Quarta-Feira, 02 de Janeiro de 2019, 16h:51

CORRUPÇÃO

“Brasil foi corrompido pelo excesso de gastos”, diz Paulo Guedes

Redação

Reprodução

Ministro Paulo Guedes

O ministro da Economia, Paulo Guedes, afirmou nesta quarta-feira, durante cerimônia de transmissão de cargo, que é preciso aprofundar reformas para resolver o problema fiscal. De acordo com Guedes, o Brasil foi “corrompido pelo excesso de gastos” e o descontrole é hoje um mal maior Na avaliação dele, a crise fiscal é o principal entrave para o crescimento do país há pelo menos quatro décadas. Ele defendeu que a principal reforma é a da Previdência. Criticou ainda a aposta em um Estado que atue como motor do crescimento e defendeu a economia de mercado.

— Essa insistência no Estado como motor de crescimento produziu essa expansão de gastos públicos, corrompendo a política e estagnando a economia. São dois filhos bastardos do mesmo fenômeno. O Brasil parou de crescer pelo excesso de gastos — disse o ministro.

— O Brasil deixará de ser o paraíso do rentista e o inferno de os empreendedores — afirmou, completando: — Quem legislativa tem as maiores aposentadoria, quem julga as maiores aposentadorias, e o povo as menores. Nós vamos ter que fazer a reforma da Previdência.

— A máquina do governo virou uma gigantesca máquina perversa de transferência de renda — disse, acrescentando: — Não foi com microcrédito que os bancos públicos se perderam.

Para o ministro, é necessário descentralizar os recursos:

— Nós vamos da direção da liberal democracia. Nós vamos descentralizar os recurso para estados e municípios — disse Guedes.

Guedes disse que a classe política precisa reassumir o controle do Orçamento.

— O capitão (o presidente Bolsonaro) pode ser o caminho para a reabilitação da classe política, assumindo o Orçamento, os ônus e bônus.

Ele também defendeu um novo pacto federativo, com mais dinheiro para governos regionais.

— O Brasil é uma pirâmide de cabeça pra baixo. A nossa ideia é virar essa pirâmide. O dinheiro tem que descer.

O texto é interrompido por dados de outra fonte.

(* Let $g:E^2\times E^2\to\mathbb R$ and let integers $i,\delta_1,\delta_2\ge0$ satisfy $i\le\delta_1$ and $\delta_2\ge\delta_1-i$. Let $(Z_n)_{n\ge0}$ be a stationary Markov chain with transition matrix $Q$, independent of $(X_n,Y_n)_{n\ge0}$, and write $\mathcal X=(X_n)_{n\ge0}$, $\mathcal Y=(Y_n)_{n\ge0}$, $\mathcal Z=(Z_n)_{n\ge0}$ and, for $T\ge1$, $\mathcal Y^T=(Y_{n+T})_{n\ge0}$. Then $$\mathbb E(\mathcal L^g(\mathcal X,\mathcal Y,\mathcal Z))=1,$$ and there is a constant $\rho>0$, not depending on $i,\delta_1,\delta_2,T$, such that $\mathbb E(\mathcal L^g(\mathcal X,\mathcal Y,\mathcal Y^T))\le\rho$ whenever $T\ge1$ and $i+T\ge\delta_1+1$.
   Context: Let $E$ be a finite set and $P,Q$ irreducible aperiodic stochastic $E\times E$ matrices. Under $\mathbb P$, $(X_n)_{n\ge0}$ and $(Y_n)_{n\ge0}$ are independent stationary Markov chains with transition matrices $P$ and $Q$. For $g:E^2\times E^2\to\mathbb R$ let $\Phi_0(g)_{(x,y),(x',y')}=\exp(g(x,y,x',y'))P_{x,x'}Q_{y,y'}$ with spectral radius $\varphi_0(g)$ and positive right eigenvector $r^g_0$, and let $\Phi_1(g)_{(x,y,z),(x',y',z')}=\exp(g(x,y,x',y')+g(x,z,x',z'))P_{x,x'}Q_{y,y'}Q_{z,z'}$ with spectral radius $\varphi_1(g)$ and positive right eigenvector $r^g_1$. For sequences $(x_k)_{k\ge0},(y_k)_{k\ge0},(z_k)_{k\ge0}$ in $E$ put $\sigma_1=\sum_{k=1}^{i}g(x_{k-1},y_{k-1},x_k,y_k)$, $\sigma_2=\sum_{k=i+1}^{\delta_1}[g(x_{k-1},y_{k-1},x_k,y_k)+g(x_{k-1},z_{k-1},x_k,z_k)]$, $\sigma_3=\sum_{k=\delta_1+1}^{i+\delta_2}g(x_{k-1},z_{k-1},x_k,z_k)$, and $$\mathcal L^g=\frac{r^g_0(x_i,y_i)e^{\sigma_1}}{r^g_0(x_0,y_0)\varphi_0(g)^i}\cdot\frac{r^g_1(x_{\delta_1},y_{\delta_1},z_{\delta_1})e^{\sigma_2}}{r^g_1(x_i,y_i,z_i)\varphi_1(g)^{\delta_1-i}}\cdot\frac{r^g_0(x_{i+\delta_2},z_{i+\delta_2})e^{\sigma_3}}{r^g_0(x_{\delta_1},z_{\delta_1})\varphi_0(g)^{i+\delta_2-\delta_1}}.$$ *)

From HB Require Import structures.
From mathcomp Require Import all_boot all_order all_algebra.
From mathcomp Require Import reals sequences exp.
From mathcomp Require Import complex.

‘Plano B’ para Previdência
Embora tenha defendido que a reforma da Previdência é a principal medida, Guedes afirmou que, se as reformas não funcionarem, tem uma proposta de emenda à Constituição (PEC) pronta para lidar com o descontrole dos gastos: desvincular todas as despesas do Orçamento, incluindo salários de servidores. Na prática, isso abriria margem para que benefícios previdenciários e salários de servidores não sejam reajustados nem pela inflação.

— Essa primeira grande despesa, que é a despesa da Previdência é o primeiro e maior desafio a ser enfrentado. Se for bem-sucedido esse enfrentamento, a dois meses a nossa frente, temos dez anos de crescimento sustentável pela frente. Se não for, temos sugestões também. (…) Se isso falhar, temos uma PEC também. Porque essas despesas vão se chocar contra o teto. E aí tem que escolher, ou segura o teto, desindexa, desvincula e desobriga todas as despesas da União. Reabilita a classe política brasileira, tem que sair e fazer as escolhas.

Guedes completou que a espécie de “plano B” em caso de falha da Previdência poderia ter um efeito positivo para a economia.

— O bonito é que se der errado pode dar certo. Chamaria essa PEC de PEC do pacto federativo — completou o ministro.

O ministro disse que a abertura econômica será atrelada à simplificação de impostos e encargos trabalhistas:

— Não posso abrir a economia… Você amarra uma bola de ferro na perna direita, os juros altos, uma na perna esquerda, carga tributária e um piano nas costas, os encargos trabalhistas e diz: corre que o chinês vai te pegar. Não é razoável. Não tem nada de superministérios. É só cantar a mesma música e daí eu ter chamado os Chicago Oldies, porque eles conhecem essa canção.

Guedes recebeu os cargos dos antigos ministérios da Fazenda, do Planejamento e da Indústria, Comércio Exterior e Serviços, que foram reunidos na Economia. Ele também irá ficar com algumas das atribuições do extinto Ministério do Trabalho. A cerimônia foi acompanhada pelos secretários especiais que ficarão sob o comando de Guedes.

O presidente do Supremo Tribunal Federal (STF), ministro Dias Toffoli, e o presidente da Câmara, Rodrigo Maia (DEM-RJ), participaram da cerimônia de transmissão de cargo.